§ Problem statement
Using the material below, print the line that contains "Definition a_ (x : 'Z_5) : nat := x.", the line that contains "if n < 5 then", and every line in between, exactly and nothing else.

[Dataset Boundary: Start]

(* Let $G\in\mathfrak D_4$ and let $\Upsilon\subseteq G$ be a subgraph isomorphic to the Mycielski–Grötzsch graph with vertices labelled $a_j,b_j$ ($j\in\mathbb Z/5\mathbb Z$), $c$. Then at least one of $a_1,a_2,a_3$ is reliable; that is, there exists $i\in\{1,2,3\}$ such that no vertex of $G$ is adjacent to all three of $a_{i-1},a_{i+1},b_i$.
   Context: $\mathfrak D_4$ is the class of (finite) maximal triangle-free graphs satisfying property $\mathscr{D}_4$ (for every $m\in\{1,2,3,4\}$ and every sequence $x_1,\dots,x_{3m}$ of not necessarily distinct vertices there is a vertex $y$ with $|\{i: x_iy\in E(G)\}|\ge m+1$). Maximal triangle-free: no triangle, and adding any new edge creates a triangle. Mycielski–Grötzsch graph: vertices $a_j,b_j$ ($j\in\mathbb Z/5\mathbb Z$), $c$; edges all pairs $a_jc$, $a_jb_{j\pm2}$, $b_jb_{j+2}$. *)

From mathcomp Require Import all_boot all_order all_algebra.
Set Implicit Arguments. Unset Strict Implicit. Unset Printing Implicit Defensive.

Definition simple_graph (T : finType) (e : rel T) : Prop :=
  symmetric e /\ irreflexive e.

Definition triangle_free (T : finType) (e : rel T) : Prop :=
  forall x y z : T, e x y -> e y z -> e x z -> False.

(* triangle-free, and adding any new edge xy (x <> y, xy not an edge)
   creates a triangle, i.e. x and y have a common neighbour *)
Definition maximal_triangle_free (T : finType) (e : rel T) : Prop :=
  triangle_free e /\
  forall x y : T, x != y -> ~~ e x y -> exists z : T, e x z && e z y.

Definition property_D4 (T : finType) (e : rel T) : Prop :=
  forall m : nat, 1 <= m <= 4 ->
  forall x : 'I_(3 * m) -> T,
  exists y : T, m < #|[set i : 'I_(3 * m) | e (x i) y]|.

Definition in_frakD4 (T : finType) (e : rel T) : Prop :=
  simple_graph e /\ maximal_triangle_free e /\ property_D4 e.

(* Upsilon: an (not necessarily induced) subgraph of G isomorphic to the
   Mycielski-Groetzsch graph, given by the images of a_j, b_j (j in Z/5Z)
   and c: these 11 vertices are pairwise distinct and the edges a_j c,
   a_j b_{j+-2}, b_j b_{j+2} are edges of G. *)
Definition MG_subgraph (T : finType) (e : rel T)
  (a b : 'Z_5 -> T) (c : T) : Prop :=
  [/\ injective a, injective b,
      (forall i j, a i != b j),
      (forall j, c != a j /\ c != b j) &
      forall j : 'Z_5,
        [/\ e (a j) c, e (a j) (b (j + 2)%R), e (a j) (b (j - 2)%R)
          & e (b j) (b (j + 2)%R)]].

Definition reliable (T : finType) (e : rel T) (a b : 'Z_5 -> T) (i : 'Z_5) : Prop :=
  ~ exists v : T, [&& e v (a (i - 1)%R), e v (a (i + 1)%R) & e v (b i)].

From mathcomp Require Import all_boot all_order all_algebra.

Set Implicit Arguments.
Unset Strict Implicit.
Unset Printing Implicit Defensive.

(* If a_1, a_2, a_3 are all unreliable, with witnesses v_1, v_2, v_3, look at
   the configuration formed by Upsilon and the v_i.  In a triangle-free graph
   the neighbours of a vertex are independent, so D_4 cannot hold for 3m
   configuration vertices whose independent subsets have at most m elements.
   Among a_0, a_2, a_4, b_1, b_2, b_3, v_1, v_2, v_3 the independent 4-sets
   are five explicit sets Q, hence D_4 (m = 3) gives a vertex y adjacent to
   all of some Q.  With y added, each Q comes with twelve vertices whose
   independent subsets have at most four elements, contradicting D_4 (m = 4).
   The independence bounds are finite computations. *)

Definition selects (L : seq nat) (p : bitseq) (u : nat) : bool :=
  nth false p (index u L).

Fixpoint bitseqs (n : nat) : seq bitseq :=
  if n is n'.+1 then [seq x :: p | x <- [:: true; false], p <- bitseqs n']
  else [:: [::]].

Lemma mem_bitseqs (p : bitseq) : p \in bitseqs (size p).
Proof.
elim: p => [|x p IHp] //=.
by rewrite mem_cat cats0; case: x; apply/orP; [left | right]; apply/mapP; exists p.
Qed.

(* Every subset of [L] containing no hyperedge of [F] has at most [k] elements;
   subsets of [L] are bit sequences indexed like [L]. *)
Definition indep_le (F : seq (seq nat)) (L : seq nat) (k : nat) : bool :=
  all (fun p => all (fun Q => ~~ all (selects L p) Q) F ==> (count id p <= k))
      (bitseqs (size L)).

Definition pair_edges (E : seq (nat * nat)) : seq (seq nat) :=
  [seq [:: uv.1; uv.2] | uv <- E].

Lemma card_set_nth (T : finType) (x0 : T) (s : seq T) (P : pred T) n :
  n = size s -> #|[set i : 'I_n | P (nth x0 s i)]| = count P s.
Proof.
move=> ->; rewrite cardsE cardE /enum_mem size_filter -enumT.
rewrite -(count_map val (fun i => P (nth x0 s i))) val_enum_ord.
by rewrite -count_map -/(mkseq _ _) mkseq_nth.
Qed.

Lemma property_D4_count (T : finType) (e : rel T) m (s : seq T) :
  property_D4 e -> 1 <= m <= 4 -> size s = 3 * m ->
  exists y, m < count (e^~ y) s.
Proof.
case: s => [|x0 s] D4 m14 size_s.
  by case: m m14 size_s => [|m] //; rewrite mulnS.
have [y Hy] := D4 m m14 (fun i => nth x0 (x0 :: s) i).
by exists y; rewrite -(card_set_nth x0 _ (esym size_s)).
Qed.

Section LabelledVertices.

Variables (T : finType) (e : rel T) (w : nat -> T).

Lemma count_nbr_le (F : seq (seq nat)) L k z :
  indep_le F L k -> (forall Q, Q \in F -> ~~ all (fun u => e (w u) z) Q) ->
  count (fun u => e (w u) z) L <= k.
Proof.
pose p := [seq e (w u) z | u <- L].
move=> /allP /(_ p) indepL noQ; rewrite -[X in X <= k](count_map _ id).
have selectsP u : selects L p u -> e (w u) z.
  rewrite /selects; case: (ltnP (index u L) (size L)) => [uL | Lu].
    by rewrite (nth_map u) // nth_index // -index_mem.
  by rewrite nth_default // size_map.
apply: (implyP (indepL _)).
  by rewrite -(size_map (fun u => e (w u) z)) mem_bitseqs.
apply/allP => Q QF; apply: contra (noQ Q QF); exact: sub_all.
Qed.

Lemma D4_common_nbr m L (E : seq (nat * nat)) F :
  triangle_free e -> property_D4 e -> 1 <= m <= 4 -> size L = 3 * m ->
  {in E, forall uv, e (w uv.1) (w uv.2)} -> indep_le (pair_edges E ++ F) L m ->
  exists2 Q, Q \in F & exists z, all (fun u => e (w u) z) Q.
Proof.
move=> tf D4 m14 size_L Ew indepL.
have [z] := property_D4_count D4 m14 (etrans (size_map w L) size_L).
rewrite count_map => lt_m_count.
have [/hasP [Q QF Qz] | noQ] := boolP (has (all (fun u => e (w u) z)) F).
  by exists Q => //; exists z.
suff: count (fun u => e (w u) z) L <= m by rewrite leqNgt lt_m_count.
apply: (count_nbr_le indepL) => Q; rewrite mem_cat => /orP [/mapP [uv uvE ->] | QF].
  by apply/negP => /and3P [uz vz _]; exact: tf _ _ _ (Ew _ uvE) vz uz.
by apply: contra noQ => Qz; apply/hasP; exists Q.
Qed.

End LabelledVertices.

Definition a_ (x : 'Z_5) : nat := x.
Definition b_ (x : 'Z_5) : nat := 5 + x.
Definition c_ : nat := 10.
Definition v_ (i : 'Z_5) : nat := 10 + i.
Definition y_ : nat := 14.

(* [enum 'Z_5] does not reduce under [vm_compute]. *)
Definition Z5 : seq 'Z_5 := [seq inZp j | j <- iota 0 5].

Definition mg_edges : seq (nat * nat) :=
  flatten [seq [:: (a_ x, c_); (a_ x, b_ (x + 2)%R); (a_ x, b_ (x - 2)%R);
                   (b_ x, b_ (x + 2)%R)] | x <- Z5].

Definition witness_edges : seq (nat * nat) :=
  flatten [seq [:: (v_ i, a_ (i - 1)%R); (v_ i, a_ (i + 1)%R); (v_ i, b_ i)]
          | i <- [:: 1%R; 2%R; 3%R]].

Definition config_edges : seq (nat * nat) := mg_edges ++ witness_edges.

Definition nine_vertices : seq nat :=
  [:: a_ 0; a_ 2; a_ 4; b_ 1; b_ 2; b_ 3; v_ 1; v_ 2; v_ 3]%R.

(* Each independent 4-set [Q] of [nine_vertices], paired with 12 vertices of
   the configuration extended by a vertex [y_] adjacent to [Q]. *)
Definition quad_certificates : seq (seq nat * seq nat) :=
  [:: ([:: a_ 0; a_ 2; a_ 4; v_ 2]%R,
       [:: a_ 0; a_ 1; a_ 2; a_ 3; b_ 0; b_ 1; b_ 2; b_ 3; b_ 4; c_; v_ 2; y_]%R);
      ([:: a_ 0; a_ 2; b_ 1; v_ 2]%R,
       [:: a_ 0; a_ 1; a_ 2; a_ 3; b_ 0; b_ 1; b_ 2; b_ 3; b_ 4; c_; v_ 2; y_]%R);
      ([:: a_ 0; b_ 1; v_ 2; v_ 3]%R,
       [:: a_ 0; a_ 1; a_ 2; a_ 4; b_ 1; b_ 2; b_ 3; b_ 4; c_; v_ 2; v_ 3; y_]%R);
      ([:: a_ 2; a_ 4; b_ 3; v_ 2]%R,
       [:: a_ 0; a_ 2; a_ 3; a_ 4; b_ 0; b_ 1; b_ 2; b_ 3; c_; v_ 1; v_ 2; y_]%R);
      ([:: a_ 4; b_ 3; v_ 1; v_ 2]%R,
       [:: a_ 0; a_ 2; a_ 3; a_ 4; b_ 0; b_ 1; b_ 2; b_ 3; c_; v_ 1; v_ 2; y_]%R)].

Lemma nine_vertices_indep :
  indep_le (pair_edges config_edges ++ map fst quad_certificates) nine_vertices 3.
Proof. by vm_compute. Qed.

Lemma quad_certificates_indep :
  all (fun QL => [&& all (fun u => u < y_) QL.1, size QL.2 == 12 &
         indep_le (pair_edges (config_edges ++ [seq (u, y_) | u <- QL.1])) QL.2 4])
      quad_certificates.
Proof. by vm_compute. Qed.

Definition config_vertex (T : Type) (a b v : 'Z_5 -> T) (c y : T) (n : nat) : T :=
  if n < 5 then a (inZp n) else if n < 10 then b (inZp (n - 5))
  else if n == 10 then c else if n < 14 then v (inZp (n - 10)) else y.

Definition unreliable_witness (T : finType) (e : rel T) (a b : 'Z_5 -> T)
    (i : 'Z_5) (v : T) : bool :=
  [&& e v (a (i - 1)%R), e v (a (i + 1)%R) & e v (b i)].

Section Configuration.

Variables (T : finType) (e : rel T) (a b v : 'Z_5 -> T) (c : T).
Local Notation w := (config_vertex a b v c).

Lemma config_vertex_a y x : w y (a_ x) = a x.
Proof. by rewrite /config_vertex /a_ (ltn_ord x) valZpK. Qed.

Lemma config_vertex_b y x : w y (b_ x) = b x.
Proof.
by rewrite /config_vertex /b_ ltnNge leq_addr ltn_add2l (ltn_ord x) addKn valZpK.
Qed.

Lemma config_vertex_c y : w y c_ = c.
Proof. by []. Qed.

Lemma config_vertex_v y i : i \in [:: 1%R; 2%R; 3%R] -> w y (v_ i) = v i.
Proof.
move=> i123; have [i0 i4] : 0 < i /\ i < 4.
  by move: i123; rewrite !inE => /or3P [] /eqP ->.
rewrite /config_vertex /v_ ltnNge (leq_trans _ (leq_addr _ _)) // ltnNge leq_addr.
by rewrite /= -[X in _ == X]addn0 eqn_add2l eqn0Ngt i0 ltn_add2l i4 addKn valZpK.
Qed.

Lemma config_vertex_y y : w y y_ = y.
Proof. by []. Qed.

Lemma config_vertex_change_y y y' n : n < y_ -> w y n = w y' n.
Proof. by rewrite /config_vertex /y_ => ->. Qed.

Lemma config_edges_mapped y :
  MG_subgraph e a b c ->
  {in [:: 1%R; 2%R; 3%R], forall i, unreliable_witness e a b i (v i)} ->
  {in config_edges, forall uv, e (w y uv.1) (w y uv.2)}.
Proof.
move=> [_ _ _ _ MGe] vw uv; rewrite mem_cat => /orP [] /flatten_mapP [x xs].
  rewrite !inE => /or4P [] /eqP ->;
    rewrite ?config_vertex_a ?config_vertex_b ?config_vertex_c; by case: (MGe x).
rewrite !inE => /or3P [] /eqP ->;
  rewrite config_vertex_v ?config_vertex_a ?config_vertex_b //;
  by case/and3P: (vw x xs).
Qed.

Lemma no_unreliable_witnesses :
  triangle_free e -> property_D4 e -> MG_subgraph e a b c ->
  {in [:: 1%R; 2%R; 3%R], forall i, unreliable_witness e a b i (v i)} -> False.
Proof.
move=> tf D4 MG vw; have Ew y := config_edges_mapped y MG vw.
have [_ /mapP [[Q L] QL ->] [y /allP Qy]] :=
  D4_common_nbr (m := 3) (L := nine_vertices) tf D4 isT erefl (Ew c)
                nine_vertices_indep.
have /and3P [/allP Q_lt_y /eqP size_L indepL] := allP quad_certificates_indep _ QL.
have Ey : {in config_edges ++ [seq (u, y_) | u <- Q],
            forall uv, e (w y uv.1) (w y uv.2)}.
  move=> uv; rewrite mem_cat => /orP [/Ew // | /mapP [u uQ ->] /=].
  by rewrite config_vertex_y (config_vertex_change_y _ c) ?Qy ?Q_lt_y.
rewrite -[pair_edges _]cats0 in indepL.
by have [] := D4_common_nbr (m := 4) tf D4 isT size_L Ey indepL.
Qed.

End Configuration.

Theorem mainTheorem15 (T : finType) (e : rel T) (a b : 'Z_5 -> T) (c : T) :
  in_frakD4 e -> MG_subgraph e a b c ->
  exists i : 'Z_5, i \in [:: 1%R; 2%R; 3%R] /\ reliable e a b i.
Proof.
move=> [_ [[tf _] D4]] MG.
have [i /andP [i123 /existsPn no_v] | unrel] :=
  pickP (fun i => (i \in [:: 1%R; 2%R; 3%R]) && ~~ [exists v, unreliable_witness e a b i v]).
  by exists i; split => // -[v vi]; move: (no_v v); rewrite /unreliable_witness vi.
pose v i := odflt c [pick x | unreliable_witness e a b i x].
exfalso; apply: (no_unreliable_witnesses (v := v) tf D4 MG) => i i123.
rewrite /v; case: pickP => [x // | none].
by move: (unrel i); rewrite i123 /= negbK => /existsP [x]; rewrite none.
Qed.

[Dataset Boundary: End]

§ Answer
Definition a_ (x : 'Z_5) : nat := x.
Definition b_ (x : 'Z_5) : nat := 5 + x.
Definition c_ : nat := 10.
Definition v_ (i : 'Z_5) : nat := 10 + i.
Definition y_ : nat := 14.

(* [enum 'Z_5] does not reduce under [vm_compute]. *)
Definition Z5 : seq 'Z_5 := [seq inZp j | j <- iota 0 5].

Definition mg_edges : seq (nat * nat) :=
  flatten [seq [:: (a_ x, c_); (a_ x, b_ (x + 2)%R); (a_ x, b_ (x - 2)%R);
                   (b_ x, b_ (x + 2)%R)] | x <- Z5].

Definition witness_edges : seq (nat * nat) :=
  flatten [seq [:: (v_ i, a_ (i - 1)%R); (v_ i, a_ (i + 1)%R); (v_ i, b_ i)]
          | i <- [:: 1%R; 2%R; 3%R]].

Definition config_edges : seq (nat * nat) := mg_edges ++ witness_edges.

Definition nine_vertices : seq nat :=
  [:: a_ 0; a_ 2; a_ 4; b_ 1; b_ 2; b_ 3; v_ 1; v_ 2; v_ 3]%R.

(* Each independent 4-set [Q] of [nine_vertices], paired with 12 vertices of
   the configuration extended by a vertex [y_] adjacent to [Q]. *)
Definition quad_certificates : seq (seq nat * seq nat) :=
  [:: ([:: a_ 0; a_ 2; a_ 4; v_ 2]%R,
       [:: a_ 0; a_ 1; a_ 2; a_ 3; b_ 0; b_ 1; b_ 2; b_ 3; b_ 4; c_; v_ 2; y_]%R);
      ([:: a_ 0; a_ 2; b_ 1; v_ 2]%R,
       [:: a_ 0; a_ 1; a_ 2; a_ 3; b_ 0; b_ 1; b_ 2; b_ 3; b_ 4; c_; v_ 2; y_]%R);
      ([:: a_ 0; b_ 1; v_ 2; v_ 3]%R,
       [:: a_ 0; a_ 1; a_ 2; a_ 4; b_ 1; b_ 2; b_ 3; b_ 4; c_; v_ 2; v_ 3; y_]%R);
      ([:: a_ 2; a_ 4; b_ 3; v_ 2]%R,
       [:: a_ 0; a_ 2; a_ 3; a_ 4; b_ 0; b_ 1; b_ 2; b_ 3; c_; v_ 1; v_ 2; y_]%R);
      ([:: a_ 4; b_ 3; v_ 1; v_ 2]%R,
       [:: a_ 0; a_ 2; a_ 3; a_ 4; b_ 0; b_ 1; b_ 2; b_ 3; c_; v_ 1; v_ 2; y_]%R)].

Lemma nine_vertices_indep :
  indep_le (pair_edges config_edges ++ map fst quad_certificates) nine_vertices 3.
Proof. by vm_compute. Qed.

Lemma quad_certificates_indep :
  all (fun QL => [&& all (fun u => u < y_) QL.1, size QL.2 == 12 &
         indep_le (pair_edges (config_edges ++ [seq (u, y_) | u <- QL.1])) QL.2 4])
      quad_certificates.
Proof. by vm_compute. Qed.

Definition config_vertex (T : Type) (a b v : 'Z_5 -> T) (c y : T) (n : nat) : T :=
  if n < 5 then a (inZp n) else if n < 10 then b (inZp (n - 5))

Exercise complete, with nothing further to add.